[Stored data]
- - -
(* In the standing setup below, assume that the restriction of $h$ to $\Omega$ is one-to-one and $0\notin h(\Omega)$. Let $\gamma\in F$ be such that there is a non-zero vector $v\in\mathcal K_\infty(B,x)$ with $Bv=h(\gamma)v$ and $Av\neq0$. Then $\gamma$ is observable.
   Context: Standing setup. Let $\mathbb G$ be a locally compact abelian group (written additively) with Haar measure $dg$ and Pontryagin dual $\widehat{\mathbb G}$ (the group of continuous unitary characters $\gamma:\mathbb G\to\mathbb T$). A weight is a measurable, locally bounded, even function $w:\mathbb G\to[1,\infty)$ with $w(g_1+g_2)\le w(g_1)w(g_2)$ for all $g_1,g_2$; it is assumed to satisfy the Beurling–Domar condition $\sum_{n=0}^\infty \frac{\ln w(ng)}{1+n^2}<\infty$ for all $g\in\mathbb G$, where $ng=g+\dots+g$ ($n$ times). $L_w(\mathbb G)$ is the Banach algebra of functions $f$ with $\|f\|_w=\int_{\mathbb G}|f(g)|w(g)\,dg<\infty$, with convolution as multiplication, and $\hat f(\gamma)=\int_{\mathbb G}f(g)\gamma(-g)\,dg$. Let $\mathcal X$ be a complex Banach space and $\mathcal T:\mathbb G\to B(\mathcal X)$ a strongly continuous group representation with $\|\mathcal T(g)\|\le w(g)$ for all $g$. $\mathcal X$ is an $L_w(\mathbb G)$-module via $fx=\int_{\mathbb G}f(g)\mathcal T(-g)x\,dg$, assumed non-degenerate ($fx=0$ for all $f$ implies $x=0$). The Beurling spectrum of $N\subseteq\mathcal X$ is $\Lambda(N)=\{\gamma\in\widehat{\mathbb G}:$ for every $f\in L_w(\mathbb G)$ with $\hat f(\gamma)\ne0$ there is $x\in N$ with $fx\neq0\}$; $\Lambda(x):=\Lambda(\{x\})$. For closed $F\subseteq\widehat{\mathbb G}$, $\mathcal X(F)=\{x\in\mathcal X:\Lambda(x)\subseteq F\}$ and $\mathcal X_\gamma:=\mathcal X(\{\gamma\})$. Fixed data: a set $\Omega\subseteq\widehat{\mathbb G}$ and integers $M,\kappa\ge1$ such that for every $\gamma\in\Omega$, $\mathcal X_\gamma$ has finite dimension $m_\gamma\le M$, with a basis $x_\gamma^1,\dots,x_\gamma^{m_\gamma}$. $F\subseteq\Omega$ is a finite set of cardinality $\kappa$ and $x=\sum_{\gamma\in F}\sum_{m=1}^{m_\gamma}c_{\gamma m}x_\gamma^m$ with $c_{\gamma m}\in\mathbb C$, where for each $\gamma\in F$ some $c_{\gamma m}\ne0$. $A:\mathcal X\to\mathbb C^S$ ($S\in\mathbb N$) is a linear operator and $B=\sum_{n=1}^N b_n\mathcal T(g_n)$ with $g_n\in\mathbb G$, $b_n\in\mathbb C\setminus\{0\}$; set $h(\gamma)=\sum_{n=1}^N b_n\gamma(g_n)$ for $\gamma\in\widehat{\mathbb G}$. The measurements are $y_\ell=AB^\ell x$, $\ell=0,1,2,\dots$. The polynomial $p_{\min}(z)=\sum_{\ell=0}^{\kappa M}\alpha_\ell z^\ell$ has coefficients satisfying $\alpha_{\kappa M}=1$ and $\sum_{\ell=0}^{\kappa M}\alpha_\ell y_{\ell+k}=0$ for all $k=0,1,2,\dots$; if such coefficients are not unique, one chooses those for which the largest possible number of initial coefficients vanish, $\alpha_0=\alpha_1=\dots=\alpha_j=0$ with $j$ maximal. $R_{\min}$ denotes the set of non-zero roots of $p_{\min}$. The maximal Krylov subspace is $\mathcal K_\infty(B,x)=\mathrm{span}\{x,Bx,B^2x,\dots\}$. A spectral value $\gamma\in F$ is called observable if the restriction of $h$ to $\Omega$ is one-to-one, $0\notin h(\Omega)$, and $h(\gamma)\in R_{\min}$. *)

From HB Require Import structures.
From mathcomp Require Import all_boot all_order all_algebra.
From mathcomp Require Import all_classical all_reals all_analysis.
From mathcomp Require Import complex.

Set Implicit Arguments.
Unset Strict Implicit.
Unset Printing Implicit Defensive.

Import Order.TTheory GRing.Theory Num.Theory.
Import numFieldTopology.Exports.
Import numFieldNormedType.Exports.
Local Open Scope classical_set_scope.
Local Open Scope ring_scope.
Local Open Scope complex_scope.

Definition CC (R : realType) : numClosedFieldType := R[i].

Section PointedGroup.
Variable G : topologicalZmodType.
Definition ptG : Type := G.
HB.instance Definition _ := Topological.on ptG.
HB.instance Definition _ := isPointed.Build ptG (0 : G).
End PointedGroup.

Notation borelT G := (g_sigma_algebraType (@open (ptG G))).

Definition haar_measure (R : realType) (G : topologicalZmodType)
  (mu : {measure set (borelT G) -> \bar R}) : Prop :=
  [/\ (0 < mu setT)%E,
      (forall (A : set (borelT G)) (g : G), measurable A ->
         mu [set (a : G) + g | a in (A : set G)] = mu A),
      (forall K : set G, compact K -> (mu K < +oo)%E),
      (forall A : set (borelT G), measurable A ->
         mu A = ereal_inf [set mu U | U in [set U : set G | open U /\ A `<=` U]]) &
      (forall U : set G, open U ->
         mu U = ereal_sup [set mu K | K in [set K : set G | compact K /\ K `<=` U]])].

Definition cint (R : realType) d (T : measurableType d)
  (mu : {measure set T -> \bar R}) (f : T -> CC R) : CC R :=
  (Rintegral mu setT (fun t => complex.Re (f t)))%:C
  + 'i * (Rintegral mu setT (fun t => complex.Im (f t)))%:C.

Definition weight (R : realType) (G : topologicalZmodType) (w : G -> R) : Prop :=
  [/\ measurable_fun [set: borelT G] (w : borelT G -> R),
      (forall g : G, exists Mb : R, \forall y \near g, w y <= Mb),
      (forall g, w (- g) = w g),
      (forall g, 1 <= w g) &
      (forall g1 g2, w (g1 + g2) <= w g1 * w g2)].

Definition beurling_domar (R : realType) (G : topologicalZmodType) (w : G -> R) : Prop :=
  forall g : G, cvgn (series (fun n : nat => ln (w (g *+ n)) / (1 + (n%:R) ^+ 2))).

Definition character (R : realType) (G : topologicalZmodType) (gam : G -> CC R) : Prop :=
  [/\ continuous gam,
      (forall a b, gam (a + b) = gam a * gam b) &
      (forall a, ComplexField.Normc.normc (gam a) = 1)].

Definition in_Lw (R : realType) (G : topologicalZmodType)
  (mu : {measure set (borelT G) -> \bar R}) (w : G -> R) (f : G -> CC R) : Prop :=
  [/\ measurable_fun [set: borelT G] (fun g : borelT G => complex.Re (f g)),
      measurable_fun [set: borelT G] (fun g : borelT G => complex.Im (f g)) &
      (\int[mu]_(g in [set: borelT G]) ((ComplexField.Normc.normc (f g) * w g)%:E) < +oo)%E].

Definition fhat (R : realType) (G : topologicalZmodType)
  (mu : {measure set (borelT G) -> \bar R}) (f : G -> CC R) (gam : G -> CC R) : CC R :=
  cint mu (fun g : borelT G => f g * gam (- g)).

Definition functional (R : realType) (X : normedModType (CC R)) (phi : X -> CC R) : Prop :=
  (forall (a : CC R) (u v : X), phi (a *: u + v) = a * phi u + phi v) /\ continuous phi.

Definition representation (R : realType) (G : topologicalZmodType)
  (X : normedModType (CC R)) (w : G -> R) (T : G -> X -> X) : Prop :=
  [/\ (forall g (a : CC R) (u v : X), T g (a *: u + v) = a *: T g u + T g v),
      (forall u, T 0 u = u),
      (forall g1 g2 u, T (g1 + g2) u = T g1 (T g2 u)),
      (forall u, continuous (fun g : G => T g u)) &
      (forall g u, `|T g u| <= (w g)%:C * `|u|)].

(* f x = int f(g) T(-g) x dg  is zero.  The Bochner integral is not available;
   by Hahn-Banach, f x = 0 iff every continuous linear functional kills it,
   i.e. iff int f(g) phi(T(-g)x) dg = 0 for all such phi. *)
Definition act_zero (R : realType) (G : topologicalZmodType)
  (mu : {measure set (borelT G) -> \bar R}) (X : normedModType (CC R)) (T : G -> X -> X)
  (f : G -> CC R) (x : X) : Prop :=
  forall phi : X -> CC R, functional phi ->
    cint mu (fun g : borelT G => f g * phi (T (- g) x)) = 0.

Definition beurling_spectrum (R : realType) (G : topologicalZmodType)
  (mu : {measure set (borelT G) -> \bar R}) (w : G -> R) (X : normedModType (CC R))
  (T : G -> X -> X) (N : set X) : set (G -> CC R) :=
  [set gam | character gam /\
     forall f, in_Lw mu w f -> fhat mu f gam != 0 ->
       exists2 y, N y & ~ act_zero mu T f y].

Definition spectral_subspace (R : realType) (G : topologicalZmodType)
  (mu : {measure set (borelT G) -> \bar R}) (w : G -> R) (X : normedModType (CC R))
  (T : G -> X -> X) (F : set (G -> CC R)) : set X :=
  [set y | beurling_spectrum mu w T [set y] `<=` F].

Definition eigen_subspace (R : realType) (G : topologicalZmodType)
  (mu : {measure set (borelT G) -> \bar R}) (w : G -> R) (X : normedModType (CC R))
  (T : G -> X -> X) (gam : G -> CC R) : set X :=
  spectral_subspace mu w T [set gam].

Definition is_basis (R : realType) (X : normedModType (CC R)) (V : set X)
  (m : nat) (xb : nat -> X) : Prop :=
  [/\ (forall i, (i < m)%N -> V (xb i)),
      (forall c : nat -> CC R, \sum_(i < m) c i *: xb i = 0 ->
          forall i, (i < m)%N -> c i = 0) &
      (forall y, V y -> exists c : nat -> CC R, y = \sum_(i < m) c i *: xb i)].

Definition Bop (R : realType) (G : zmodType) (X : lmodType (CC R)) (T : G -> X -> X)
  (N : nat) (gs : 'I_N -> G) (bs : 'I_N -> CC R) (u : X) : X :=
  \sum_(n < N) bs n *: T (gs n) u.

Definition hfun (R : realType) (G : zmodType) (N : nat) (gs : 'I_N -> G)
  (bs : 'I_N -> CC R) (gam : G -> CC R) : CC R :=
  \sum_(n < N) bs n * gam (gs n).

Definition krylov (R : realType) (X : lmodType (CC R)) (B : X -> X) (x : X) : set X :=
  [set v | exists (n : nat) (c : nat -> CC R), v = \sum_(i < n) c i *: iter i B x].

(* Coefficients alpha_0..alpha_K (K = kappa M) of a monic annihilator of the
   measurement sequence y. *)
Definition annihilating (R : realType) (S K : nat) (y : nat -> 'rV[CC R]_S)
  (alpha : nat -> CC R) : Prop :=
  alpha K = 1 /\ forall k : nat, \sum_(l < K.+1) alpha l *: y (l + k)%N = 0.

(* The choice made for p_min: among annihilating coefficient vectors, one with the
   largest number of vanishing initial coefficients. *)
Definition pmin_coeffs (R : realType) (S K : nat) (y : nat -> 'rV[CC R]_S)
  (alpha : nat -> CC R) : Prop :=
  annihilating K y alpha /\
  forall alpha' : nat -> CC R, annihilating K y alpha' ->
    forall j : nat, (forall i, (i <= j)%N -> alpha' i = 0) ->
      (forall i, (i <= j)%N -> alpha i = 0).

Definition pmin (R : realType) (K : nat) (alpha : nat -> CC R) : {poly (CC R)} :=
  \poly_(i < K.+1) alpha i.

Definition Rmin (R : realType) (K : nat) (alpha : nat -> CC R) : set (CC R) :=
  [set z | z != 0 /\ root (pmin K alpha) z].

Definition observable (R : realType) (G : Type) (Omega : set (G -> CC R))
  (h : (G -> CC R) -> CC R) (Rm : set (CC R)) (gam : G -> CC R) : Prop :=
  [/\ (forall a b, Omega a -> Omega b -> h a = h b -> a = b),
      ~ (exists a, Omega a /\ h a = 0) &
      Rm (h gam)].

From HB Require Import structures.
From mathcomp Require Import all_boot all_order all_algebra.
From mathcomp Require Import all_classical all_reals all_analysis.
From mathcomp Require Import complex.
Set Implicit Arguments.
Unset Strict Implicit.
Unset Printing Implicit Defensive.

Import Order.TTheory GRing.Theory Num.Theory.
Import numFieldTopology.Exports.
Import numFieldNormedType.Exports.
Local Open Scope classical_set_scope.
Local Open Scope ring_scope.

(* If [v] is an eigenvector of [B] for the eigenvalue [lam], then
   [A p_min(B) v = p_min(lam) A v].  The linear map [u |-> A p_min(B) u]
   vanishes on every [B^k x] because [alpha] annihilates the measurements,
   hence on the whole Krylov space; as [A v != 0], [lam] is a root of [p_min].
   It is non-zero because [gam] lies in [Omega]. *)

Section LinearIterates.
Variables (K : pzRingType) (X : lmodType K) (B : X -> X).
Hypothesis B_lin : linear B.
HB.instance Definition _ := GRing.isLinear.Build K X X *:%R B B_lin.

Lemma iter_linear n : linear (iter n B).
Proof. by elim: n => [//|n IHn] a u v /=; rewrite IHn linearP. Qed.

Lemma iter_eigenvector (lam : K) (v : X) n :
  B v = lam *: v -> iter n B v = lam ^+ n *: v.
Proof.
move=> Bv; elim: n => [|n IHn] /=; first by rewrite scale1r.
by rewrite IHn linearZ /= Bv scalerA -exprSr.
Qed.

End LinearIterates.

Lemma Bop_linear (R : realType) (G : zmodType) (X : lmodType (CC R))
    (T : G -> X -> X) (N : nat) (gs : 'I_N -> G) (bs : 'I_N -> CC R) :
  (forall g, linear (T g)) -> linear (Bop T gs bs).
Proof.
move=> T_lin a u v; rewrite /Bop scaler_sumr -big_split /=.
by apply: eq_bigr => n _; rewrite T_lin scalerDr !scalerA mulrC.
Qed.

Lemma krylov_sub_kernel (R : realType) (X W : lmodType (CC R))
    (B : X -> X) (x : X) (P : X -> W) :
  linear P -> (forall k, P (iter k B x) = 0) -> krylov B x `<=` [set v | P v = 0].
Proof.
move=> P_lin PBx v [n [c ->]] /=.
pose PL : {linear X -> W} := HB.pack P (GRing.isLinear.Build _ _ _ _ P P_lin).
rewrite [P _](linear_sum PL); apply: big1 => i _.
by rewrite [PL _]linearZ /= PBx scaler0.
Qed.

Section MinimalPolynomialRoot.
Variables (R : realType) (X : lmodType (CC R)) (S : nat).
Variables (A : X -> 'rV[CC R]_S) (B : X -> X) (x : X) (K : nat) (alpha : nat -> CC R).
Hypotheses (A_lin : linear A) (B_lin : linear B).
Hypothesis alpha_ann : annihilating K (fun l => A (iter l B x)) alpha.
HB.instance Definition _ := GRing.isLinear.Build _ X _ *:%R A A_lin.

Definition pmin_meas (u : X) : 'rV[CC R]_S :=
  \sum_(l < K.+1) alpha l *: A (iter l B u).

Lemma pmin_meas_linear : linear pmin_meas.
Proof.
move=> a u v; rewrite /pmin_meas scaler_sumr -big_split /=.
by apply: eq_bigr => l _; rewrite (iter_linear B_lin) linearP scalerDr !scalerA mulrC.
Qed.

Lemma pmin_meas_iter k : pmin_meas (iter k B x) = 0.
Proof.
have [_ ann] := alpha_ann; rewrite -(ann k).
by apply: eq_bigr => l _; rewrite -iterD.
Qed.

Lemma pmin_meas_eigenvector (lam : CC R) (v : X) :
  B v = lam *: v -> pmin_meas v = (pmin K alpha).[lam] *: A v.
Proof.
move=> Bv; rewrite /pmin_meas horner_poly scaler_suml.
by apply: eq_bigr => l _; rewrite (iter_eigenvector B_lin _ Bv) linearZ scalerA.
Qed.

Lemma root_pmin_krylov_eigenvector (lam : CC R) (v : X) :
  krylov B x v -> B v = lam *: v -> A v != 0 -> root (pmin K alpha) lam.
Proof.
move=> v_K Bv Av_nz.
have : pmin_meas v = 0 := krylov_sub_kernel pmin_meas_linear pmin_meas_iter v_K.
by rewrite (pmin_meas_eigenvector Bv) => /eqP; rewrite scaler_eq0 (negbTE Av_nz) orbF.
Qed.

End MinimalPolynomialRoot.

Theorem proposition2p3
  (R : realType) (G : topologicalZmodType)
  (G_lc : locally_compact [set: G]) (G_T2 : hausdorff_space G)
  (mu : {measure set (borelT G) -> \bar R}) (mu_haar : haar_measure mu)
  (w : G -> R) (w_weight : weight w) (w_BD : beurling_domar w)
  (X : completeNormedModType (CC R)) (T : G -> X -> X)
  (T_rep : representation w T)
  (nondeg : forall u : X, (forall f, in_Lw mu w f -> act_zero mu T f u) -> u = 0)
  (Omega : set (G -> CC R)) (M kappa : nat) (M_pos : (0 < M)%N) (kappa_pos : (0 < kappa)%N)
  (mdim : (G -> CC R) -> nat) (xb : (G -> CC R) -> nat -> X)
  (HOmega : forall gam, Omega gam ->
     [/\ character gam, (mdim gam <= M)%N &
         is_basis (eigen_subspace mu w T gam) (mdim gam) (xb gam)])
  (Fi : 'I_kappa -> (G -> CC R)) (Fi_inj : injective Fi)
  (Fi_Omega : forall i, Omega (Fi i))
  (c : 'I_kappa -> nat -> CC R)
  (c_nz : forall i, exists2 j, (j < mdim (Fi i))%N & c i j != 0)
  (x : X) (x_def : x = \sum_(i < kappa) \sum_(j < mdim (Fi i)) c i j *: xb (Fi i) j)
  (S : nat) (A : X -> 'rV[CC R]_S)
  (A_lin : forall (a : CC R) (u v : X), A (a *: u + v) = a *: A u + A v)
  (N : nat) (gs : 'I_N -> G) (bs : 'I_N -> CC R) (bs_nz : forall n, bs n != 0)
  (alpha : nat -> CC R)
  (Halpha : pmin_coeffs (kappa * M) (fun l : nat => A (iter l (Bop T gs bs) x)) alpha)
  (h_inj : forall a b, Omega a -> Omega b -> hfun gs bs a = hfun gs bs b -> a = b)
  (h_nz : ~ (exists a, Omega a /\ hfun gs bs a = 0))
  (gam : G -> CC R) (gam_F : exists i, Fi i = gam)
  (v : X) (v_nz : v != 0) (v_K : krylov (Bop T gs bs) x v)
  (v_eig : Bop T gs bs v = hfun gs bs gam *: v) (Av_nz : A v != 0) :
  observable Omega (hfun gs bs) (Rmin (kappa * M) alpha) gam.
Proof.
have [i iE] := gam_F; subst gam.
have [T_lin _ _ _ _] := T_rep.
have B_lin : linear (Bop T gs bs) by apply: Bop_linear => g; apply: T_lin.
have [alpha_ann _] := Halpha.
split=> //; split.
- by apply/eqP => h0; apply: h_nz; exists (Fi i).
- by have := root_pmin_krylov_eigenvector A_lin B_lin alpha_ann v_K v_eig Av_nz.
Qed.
- - -
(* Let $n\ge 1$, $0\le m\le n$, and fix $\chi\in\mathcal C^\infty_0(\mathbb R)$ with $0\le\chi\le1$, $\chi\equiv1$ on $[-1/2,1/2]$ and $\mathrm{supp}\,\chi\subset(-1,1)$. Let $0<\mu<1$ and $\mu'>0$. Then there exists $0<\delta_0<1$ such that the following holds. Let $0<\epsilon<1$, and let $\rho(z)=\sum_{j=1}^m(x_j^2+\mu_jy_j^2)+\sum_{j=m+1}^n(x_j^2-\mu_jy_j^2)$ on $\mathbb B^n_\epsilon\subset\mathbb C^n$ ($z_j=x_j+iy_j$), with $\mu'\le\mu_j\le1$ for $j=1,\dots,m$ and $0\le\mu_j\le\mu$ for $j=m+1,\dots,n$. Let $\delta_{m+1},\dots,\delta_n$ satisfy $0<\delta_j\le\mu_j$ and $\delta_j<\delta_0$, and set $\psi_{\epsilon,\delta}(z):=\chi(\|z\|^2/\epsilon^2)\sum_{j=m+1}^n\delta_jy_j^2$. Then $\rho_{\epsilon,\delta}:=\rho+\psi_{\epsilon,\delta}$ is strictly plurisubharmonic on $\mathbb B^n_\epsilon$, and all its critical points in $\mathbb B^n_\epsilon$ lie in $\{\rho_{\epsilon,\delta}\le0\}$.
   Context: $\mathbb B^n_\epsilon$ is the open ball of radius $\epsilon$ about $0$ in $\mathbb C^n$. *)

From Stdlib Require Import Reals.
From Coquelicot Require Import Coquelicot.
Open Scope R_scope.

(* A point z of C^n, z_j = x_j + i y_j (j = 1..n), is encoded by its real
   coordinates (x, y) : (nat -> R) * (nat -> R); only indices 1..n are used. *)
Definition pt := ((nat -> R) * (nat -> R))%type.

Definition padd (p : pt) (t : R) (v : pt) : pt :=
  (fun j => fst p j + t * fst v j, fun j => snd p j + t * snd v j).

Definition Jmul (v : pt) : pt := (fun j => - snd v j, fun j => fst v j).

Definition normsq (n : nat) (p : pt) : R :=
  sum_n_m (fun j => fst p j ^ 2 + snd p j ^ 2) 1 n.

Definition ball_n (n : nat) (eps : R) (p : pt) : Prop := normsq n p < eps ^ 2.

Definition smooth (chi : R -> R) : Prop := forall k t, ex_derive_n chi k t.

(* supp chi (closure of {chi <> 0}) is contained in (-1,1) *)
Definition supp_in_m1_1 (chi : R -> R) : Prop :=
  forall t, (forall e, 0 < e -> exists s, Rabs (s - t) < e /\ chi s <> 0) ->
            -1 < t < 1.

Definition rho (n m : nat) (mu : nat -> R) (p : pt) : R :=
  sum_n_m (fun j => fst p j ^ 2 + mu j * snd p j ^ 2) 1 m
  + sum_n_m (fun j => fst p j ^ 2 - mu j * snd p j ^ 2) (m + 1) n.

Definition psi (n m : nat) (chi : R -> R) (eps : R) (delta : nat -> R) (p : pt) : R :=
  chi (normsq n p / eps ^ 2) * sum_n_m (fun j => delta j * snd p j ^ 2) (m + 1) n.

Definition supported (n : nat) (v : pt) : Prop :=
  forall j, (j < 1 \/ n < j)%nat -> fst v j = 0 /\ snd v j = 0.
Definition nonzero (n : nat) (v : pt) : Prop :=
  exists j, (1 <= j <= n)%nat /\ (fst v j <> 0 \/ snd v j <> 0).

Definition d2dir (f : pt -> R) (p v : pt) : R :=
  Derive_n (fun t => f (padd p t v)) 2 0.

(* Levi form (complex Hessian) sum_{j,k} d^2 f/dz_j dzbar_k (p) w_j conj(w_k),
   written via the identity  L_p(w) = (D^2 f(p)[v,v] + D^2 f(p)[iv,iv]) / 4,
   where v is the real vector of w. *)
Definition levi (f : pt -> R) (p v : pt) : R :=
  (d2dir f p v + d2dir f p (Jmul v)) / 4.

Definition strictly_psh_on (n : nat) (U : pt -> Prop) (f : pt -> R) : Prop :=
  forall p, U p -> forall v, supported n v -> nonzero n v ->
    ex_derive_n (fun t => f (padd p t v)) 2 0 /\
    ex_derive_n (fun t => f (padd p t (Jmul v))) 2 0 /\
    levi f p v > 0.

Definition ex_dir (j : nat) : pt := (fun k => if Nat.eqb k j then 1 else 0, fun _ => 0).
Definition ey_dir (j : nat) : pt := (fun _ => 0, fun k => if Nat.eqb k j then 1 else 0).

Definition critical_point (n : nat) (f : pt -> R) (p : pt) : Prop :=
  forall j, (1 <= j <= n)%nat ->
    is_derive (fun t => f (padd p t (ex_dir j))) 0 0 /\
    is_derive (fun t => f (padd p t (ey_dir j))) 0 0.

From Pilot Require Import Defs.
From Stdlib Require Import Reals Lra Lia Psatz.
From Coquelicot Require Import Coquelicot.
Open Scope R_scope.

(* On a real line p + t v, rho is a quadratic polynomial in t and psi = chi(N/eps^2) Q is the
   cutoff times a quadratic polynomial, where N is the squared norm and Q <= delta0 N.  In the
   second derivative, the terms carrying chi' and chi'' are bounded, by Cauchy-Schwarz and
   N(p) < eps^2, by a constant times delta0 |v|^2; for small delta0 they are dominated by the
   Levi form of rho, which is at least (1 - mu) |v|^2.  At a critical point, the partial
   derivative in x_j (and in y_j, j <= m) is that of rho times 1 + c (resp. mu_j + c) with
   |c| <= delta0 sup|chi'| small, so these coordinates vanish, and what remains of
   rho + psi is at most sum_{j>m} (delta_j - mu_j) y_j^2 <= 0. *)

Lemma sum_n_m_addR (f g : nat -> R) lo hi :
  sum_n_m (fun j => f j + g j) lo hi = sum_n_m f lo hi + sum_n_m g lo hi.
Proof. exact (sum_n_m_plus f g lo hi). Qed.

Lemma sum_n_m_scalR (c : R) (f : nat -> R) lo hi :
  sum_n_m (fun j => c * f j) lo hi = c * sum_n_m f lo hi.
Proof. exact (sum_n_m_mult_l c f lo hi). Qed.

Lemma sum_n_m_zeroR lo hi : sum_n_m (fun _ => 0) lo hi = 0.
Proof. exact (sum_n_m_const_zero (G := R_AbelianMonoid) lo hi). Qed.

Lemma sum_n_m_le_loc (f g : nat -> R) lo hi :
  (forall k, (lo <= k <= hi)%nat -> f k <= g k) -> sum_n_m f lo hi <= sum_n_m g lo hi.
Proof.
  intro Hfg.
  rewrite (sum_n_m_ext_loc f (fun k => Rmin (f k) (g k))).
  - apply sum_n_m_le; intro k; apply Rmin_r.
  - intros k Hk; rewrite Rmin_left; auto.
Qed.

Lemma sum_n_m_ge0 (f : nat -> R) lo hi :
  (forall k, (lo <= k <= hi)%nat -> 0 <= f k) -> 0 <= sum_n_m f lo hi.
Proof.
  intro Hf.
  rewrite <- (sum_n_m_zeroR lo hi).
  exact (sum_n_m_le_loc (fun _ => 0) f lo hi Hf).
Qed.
- - -
◆ **TASK TO CARRY OUT**
Using the entries above, repeat only the lines from the one containing "is_derive (fun t => f (padd p t (ey_dir" through the one containing "second derivative, the", end lines included.

◆ **ANSWER TO THE PROBLEM**
    is_derive (fun t => f (padd p t (ey_dir j))) 0 0.

From Pilot Require Import Defs.
From Stdlib Require Import Reals Lra Lia Psatz.
From Coquelicot Require Import Coquelicot.
Open Scope R_scope.

(* On a real line p + t v, rho is a quadratic polynomial in t and psi = chi(N/eps^2) Q is the
   cutoff times a quadratic polynomial, where N is the squared norm and Q <= delta0 N.  In the
   second derivative, the terms carrying chi' and chi'' are bounded, by Cauchy-Schwarz and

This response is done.